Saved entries
____________

Lemma patternG_conj_perm r (w : G) (s : 'S_n.+1) : GLval w = perm_mx s ->
  (patternG r :^ w)%g = patternG [rel i j | r (s^-1 i)%g (s^-1 j)%g].
Proof.
move=> ws; apply/setP => g; rewrite mem_conjg.
have conj_entry i j : GLval (g ^ w^-1)%g i j = GLval g (s i) (s j).
  rewrite /conjg invgK !GL_MxE (GLval_inv_perm ws) ws.
  by rewrite -row_permE -col_permE !mxE.
apply/patternGP/patternGP => gr i j.
  have := gr (s^-1 i)%g (s^-1 j)%g.
  by rewrite conj_entry !permKV (inj_eq (@perm_inj _ s^-1)).
by have := gr (s i) (s j); rewrite /= conj_entry !permK (inj_eq (@perm_inj _ s)).
Qed.

Lemma diag_GL_unit (k : G) (d : 'rV[R]_n.+1) i :
  GLval k = diag_mx d -> d 0 i \is a GRing.unit.
Proof.
move=> kd; apply/unitrPr; exists (GLval k^-1 i i).
have := congr1 (fun M : 'M[R]_n.+1 => M i i) (congr1 GLval (mulgV k)).
by rewrite GL_MxE kd mul_diag_mx GL_1E !mxE eqxx.
Qed.

Lemma patternG_conj_diag r (k : G) :
  k \in diagL n R -> (patternG r :^ k)%g = patternG r.
Proof.
rewrite inE => /diag_mxP[d kd]; apply/eqP; rewrite eq_sym eqEcard cardJg leqnn andbT.
apply/subsetP => g /patternGP gr; rewrite mem_conjg; set z := (g ^ k^-1)%g.
have entry i j : GLval z i j * d 0 j = d 0 i * GLval g i j.
  have zk_kg : (z * k = k * g)%g by rewrite /z conjgE invgK -!mulgA mulVg mulg1.
  have := congr1 (fun M : 'M[R]_n.+1 => M i j) (congr1 GLval zk_kg).
  by rewrite !GL_MxE kd mul_diag_mx mul_mx_diag !mxE.
apply/patternGP => i j; case/orP: (gr i j) => [/eqP gij | ->]; last by rewrite orbT.
apply/orP; left; apply/eqP; move: (entry i j); rewrite gij.
case: eqP => [<- | _]; rewrite ?mulr1 ?mulr0.
  by rewrite -{2}[d 0 i]mul1r => /(mulIr (diag_GL_unit i kd)).
by rewrite -(mul0r (d 0 j)) => /(mulIr (diag_GL_unit j kd)).
Qed.

End PatternGroups.
Arguments patternG {n R} r.

Section UnitriangularGroups.
Variables (n : nat) (R : finComUnitRingType).
Local Notation G := {'GL_n.+1[R]}.
Local Notation I := 'I_n.+1.

Lemma upperUE : upperU n R = patternG [rel i j : I | (i < j)%N].
Proof. by []. Qed.

Lemma lowerVE : lowerV n R = patternG [rel i j : I | (j < i)%N].
Proof. by []. Qed.

Lemma upper_trig : trig_rel [rel i j : I | (i < j)%N].
Proof. by left. Qed.

Lemma lower_trig : trig_rel [rel i j : I | (j < i)%N].
Proof. by right. Qed.

Lemma upper_trans : transitive [rel i j : I | (i < j)%N].
Proof. by move=> j i k /=; apply: ltn_trans. Qed.

Lemma lower_trans : transitive [rel i j : I | (j < i)%N].
Proof. by move=> j i k /= lt_ji lt_kj; apply: ltn_trans lt_kj lt_ji. Qed.

Lemma upperU_group_set : group_set (upperU n R).
Proof. exact: patternG_group (trig_rel_irr upper_trig) upper_trans. Qed.
Canonical upperU_group := Group upperU_group_set.

Lemma lowerV_group_set : group_set (lowerV n R).
Proof. exact: patternG_group (trig_rel_irr lower_trig) lower_trans. Qed.
Canonical lowerV_group := Group lowerV_group_set.

Lemma permW_invg (w : G) : w \in permW n R -> w^-1%g \in permW n R.
Proof.
rewrite !inE => /is_perm_mxP[s ws]; apply/is_perm_mxP.
by exists s^-1%g; apply: GLval_inv_perm.
Qed.

Lemma permW_factorises r (w : G) :
  trig_rel r -> transitive r -> w \in permW n R ->
  factorises (patternG r) (upperU n R :^ w)%g (lowerV n R :^ w)%g.
Proof.
move=> trig_r tr_r; rewrite inE => /is_perm_mxP[s ws].
rewrite /factorises upperUE lowerVE !(patternG_conj_perm _ ws) !patternGI.
exact: patternG_factor trig_r tr_r (@perm_inj _ s^-1%g).
Qed.

Lemma permW_factorises_conj r (w : G) :
  trig_rel r -> transitive r -> w \in permW n R ->
  factorises (patternG r :^ w)%g (upperU n R) (lowerV n R).
Proof.
move=> trig_r tr_r /permW_invg Ww'.
by have := factorises_conj w (permW_factorises trig_r tr_r Ww'); rewrite !conjsgKV.
Qed.

Lemma diagL_norm_lowerV : diagL n R \subset 'N(lowerV n R)%g.
Proof. by apply/subsetP => k Lk; apply/normP; rewrite lowerVE patternG_conj_diag. Qed.

End UnitriangularGroups.

Theorem lemma3p5 (R : finComUnitRingType) (n : nat) (hloc : local_ring R)
  (w : {'GL_n.+1[R]}) (hw : w \in permW n R) :
  let U := upperU n R in
  let V := lowerV n R in
  let Uw := (U :^ w)%g in   (* w^-1 U w *)
  let Vw := (V :^ w)%g in   (* w^-1 V w *)
  let dom := in_lideal (gmul (eH Uw) (eH Vw)) in
  let cod := in_lideal (gmul (eH V) (eH U)) in
  let phi := gmul (eH V) in
  (* well-defined *)
  (forall x, dom x -> cod (phi x)) /\
  (* injective on the domain *)
  (forall x y, dom x -> dom y -> phi x = phi y -> x = y) /\
  (* surjective onto the codomain *)
  (forall z, cod z -> exists2 x, dom x & phi x = z) /\
  (* C-linear *)
  (forall (c : algC) x y, dom x -> dom y -> phi (gscale c x + y) = gscale c (phi x) + phi y) /\
  (* left C[L]-linear *)
  (forall a x, supported_on (diagL n R) a -> dom x ->
     phi (gmul a x) = gmul a (phi x)) /\
  (* right C[G]-linear *)
  (forall x b, dom x -> phi (gmul x b) = gmul (phi x) b).
Proof.
move=> U V Uw Vw dom cod phi.
have factU : factorises U Uw Vw := permW_factorises (upper_trig n) (@upper_trans n) hw.
have factV : factorises V Uw Vw := permW_factorises (lower_trig n) (@lower_trans n) hw.
have factUw : factorises Uw U V := permW_factorises_conj (upper_trig n) (@upper_trans n) hw.
have factVw : factorises Vw U V := permW_factorises_conj (lower_trig n) (@lower_trans n) hw.
split; first by move=> x; apply: lideal_eHV.
split; first by move=> x y; apply: lideal_eHV_inj.
split; first by move=> z; apply: lideal_eHV_surj.
split; first by move=> c x y _ _; rewrite /phi !gscaleE linearP.
split.
  move=> a x La _.
  by rewrite /phi -gmulA (eH_comm_supported (diagL_norm_lowerV n R) La) gmulA.
by move=> x b _; rewrite /phi gmulA.
Qed.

____________

### Requirement
What is needed here is an exact copy of every record.

### Reply to the task
Lemma patternG_conj_perm r (w : G) (s : 'S_n.+1) : GLval w = perm_mx s ->
  (patternG r :^ w)%g = patternG [rel i j | r (s^-1 i)%g (s^-1 j)%g].
Proof.
move=> ws; apply/setP => g; rewrite mem_conjg.
have conj_entry i j : GLval (g ^ w^-1)%g i j = GLval g (s i) (s j).
  rewrite /conjg invgK !GL_MxE (GLval_inv_perm ws) ws.
  by rewrite -row_permE -col_permE !mxE.
apply/patternGP/patternGP => gr i j.
  have := gr (s^-1 i)%g (s^-1 j)%g.
  by rewrite conj_entry !permKV (inj_eq (@perm_inj _ s^-1)).
by have := gr (s i) (s j); rewrite /= conj_entry !permK (inj_eq (@perm_inj _ s)).
Qed.

Lemma diag_GL_unit (k : G) (d : 'rV[R]_n.+1) i :
  GLval k = diag_mx d -> d 0 i \is a GRing.unit.
Proof.
move=> kd; apply/unitrPr; exists (GLval k^-1 i i).
have := congr1 (fun M : 'M[R]_n.+1 => M i i) (congr1 GLval (mulgV k)).
by rewrite GL_MxE kd mul_diag_mx GL_1E !mxE eqxx.
Qed.

Lemma patternG_conj_diag r (k : G) :
  k \in diagL n R -> (patternG r :^ k)%g = patternG r.
Proof.
rewrite inE => /diag_mxP[d kd]; apply/eqP; rewrite eq_sym eqEcard cardJg leqnn andbT.
apply/subsetP => g /patternGP gr; rewrite mem_conjg; set z := (g ^ k^-1)%g.
have entry i j : GLval z i j * d 0 j = d 0 i * GLval g i j.
  have zk_kg : (z * k = k * g)%g by rewrite /z conjgE invgK -!mulgA mulVg mulg1.
  have := congr1 (fun M : 'M[R]_n.+1 => M i j) (congr1 GLval zk_kg).
  by rewrite !GL_MxE kd mul_diag_mx mul_mx_diag !mxE.
apply/patternGP => i j; case/orP: (gr i j) => [/eqP gij | ->]; last by rewrite orbT.
apply/orP; left; apply/eqP; move: (entry i j); rewrite gij.
case: eqP => [<- | _]; rewrite ?mulr1 ?mulr0.
  by rewrite -{2}[d 0 i]mul1r => /(mulIr (diag_GL_unit i kd)).
by rewrite -(mul0r (d 0 j)) => /(mulIr (diag_GL_unit j kd)).
Qed.

End PatternGroups.
Arguments patternG {n R} r.

Section UnitriangularGroups.
Variables (n : nat) (R : finComUnitRingType).
Local Notation G := {'GL_n.+1[R]}.
Local Notation I := 'I_n.+1.

Lemma upperUE : upperU n R = patternG [rel i j : I | (i < j)%N].
Proof. by []. Qed.

Lemma lowerVE : lowerV n R = patternG [rel i j : I | (j < i)%N].
Proof. by []. Qed.

Lemma upper_trig : trig_rel [rel i j : I | (i < j)%N].
Proof. by left. Qed.

Lemma lower_trig : trig_rel [rel i j : I | (j < i)%N].
Proof. by right. Qed.

Lemma upper_trans : transitive [rel i j : I | (i < j)%N].
Proof. by move=> j i k /=; apply: ltn_trans. Qed.

Lemma lower_trans : transitive [rel i j : I | (j < i)%N].
Proof. by move=> j i k /= lt_ji lt_kj; apply: ltn_trans lt_kj lt_ji. Qed.

Lemma upperU_group_set : group_set (upperU n R).
Proof. exact: patternG_group (trig_rel_irr upper_trig) upper_trans. Qed.
Canonical upperU_group := Group upperU_group_set.

Lemma lowerV_group_set : group_set (lowerV n R).
Proof. exact: patternG_group (trig_rel_irr lower_trig) lower_trans. Qed.
Canonical lowerV_group := Group lowerV_group_set.

Lemma permW_invg (w : G) : w \in permW n R -> w^-1%g \in permW n R.
Proof.
rewrite !inE => /is_perm_mxP[s ws]; apply/is_perm_mxP.
by exists s^-1%g; apply: GLval_inv_perm.
Qed.

Lemma permW_factorises r (w : G) :
  trig_rel r -> transitive r -> w \in permW n R ->
  factorises (patternG r) (upperU n R :^ w)%g (lowerV n R :^ w)%g.
Proof.
move=> trig_r tr_r; rewrite inE => /is_perm_mxP[s ws].
rewrite /factorises upperUE lowerVE !(patternG_conj_perm _ ws) !patternGI.
exact: patternG_factor trig_r tr_r (@perm_inj _ s^-1%g).
Qed.

Lemma permW_factorises_conj r (w : G) :
  trig_rel r -> transitive r -> w \in permW n R ->
  factorises (patternG r :^ w)%g (upperU n R) (lowerV n R).
Proof.
move=> trig_r tr_r /permW_invg Ww'.
by have := factorises_conj w (permW_factorises trig_r tr_r Ww'); rewrite !conjsgKV.
Qed.

Lemma diagL_norm_lowerV : diagL n R \subset 'N(lowerV n R)%g.
Proof. by apply/subsetP => k Lk; apply/normP; rewrite lowerVE patternG_conj_diag. Qed.

End UnitriangularGroups.

Theorem lemma3p5 (R : finComUnitRingType) (n : nat) (hloc : local_ring R)
  (w : {'GL_n.+1[R]}) (hw : w \in permW n R) :
  let U := upperU n R in
  let V := lowerV n R in
  let Uw := (U :^ w)%g in   (* w^-1 U w *)
  let Vw := (V :^ w)%g in   (* w^-1 V w *)
  let dom := in_lideal (gmul (eH Uw) (eH Vw)) in
  let cod := in_lideal (gmul (eH V) (eH U)) in
  let phi := gmul (eH V) in
  (* well-defined *)
  (forall x, dom x -> cod (phi x)) /\
  (* injective on the domain *)
  (forall x y, dom x -> dom y -> phi x = phi y -> x = y) /\
  (* surjective onto the codomain *)
  (forall z, cod z -> exists2 x, dom x & phi x = z) /\
  (* C-linear *)
  (forall (c : algC) x y, dom x -> dom y -> phi (gscale c x + y) = gscale c (phi x) + phi y) /\
  (* left C[L]-linear *)
  (forall a x, supported_on (diagL n R) a -> dom x ->
     phi (gmul a x) = gmul a (phi x)) /\
  (* right C[G]-linear *)
  (forall x b, dom x -> phi (gmul x b) = gmul (phi x) b).
Proof.
move=> U V Uw Vw dom cod phi.
have factU : factorises U Uw Vw := permW_factorises (upper_trig n) (@upper_trans n) hw.
have factV : factorises V Uw Vw := permW_factorises (lower_trig n) (@lower_trans n) hw.
have factUw : factorises Uw U V := permW_factorises_conj (upper_trig n) (@upper_trans n) hw.
have factVw : factorises Vw U V := permW_factorises_conj (lower_trig n) (@lower_trans n) hw.
split; first by move=> x; apply: lideal_eHV.
split; first by move=> x y; apply: lideal_eHV_inj.
split; first by move=> z; apply: lideal_eHV_surj.
split; first by move=> c x y _ _; rewrite /phi !gscaleE linearP.
split.
  move=> a x La _.
  by rewrite /phi -gmulA (eH_comm_supported (diagL_norm_lowerV n R) La) gmulA.
by move=> x b _; rewrite /phi gmulA.
Qed.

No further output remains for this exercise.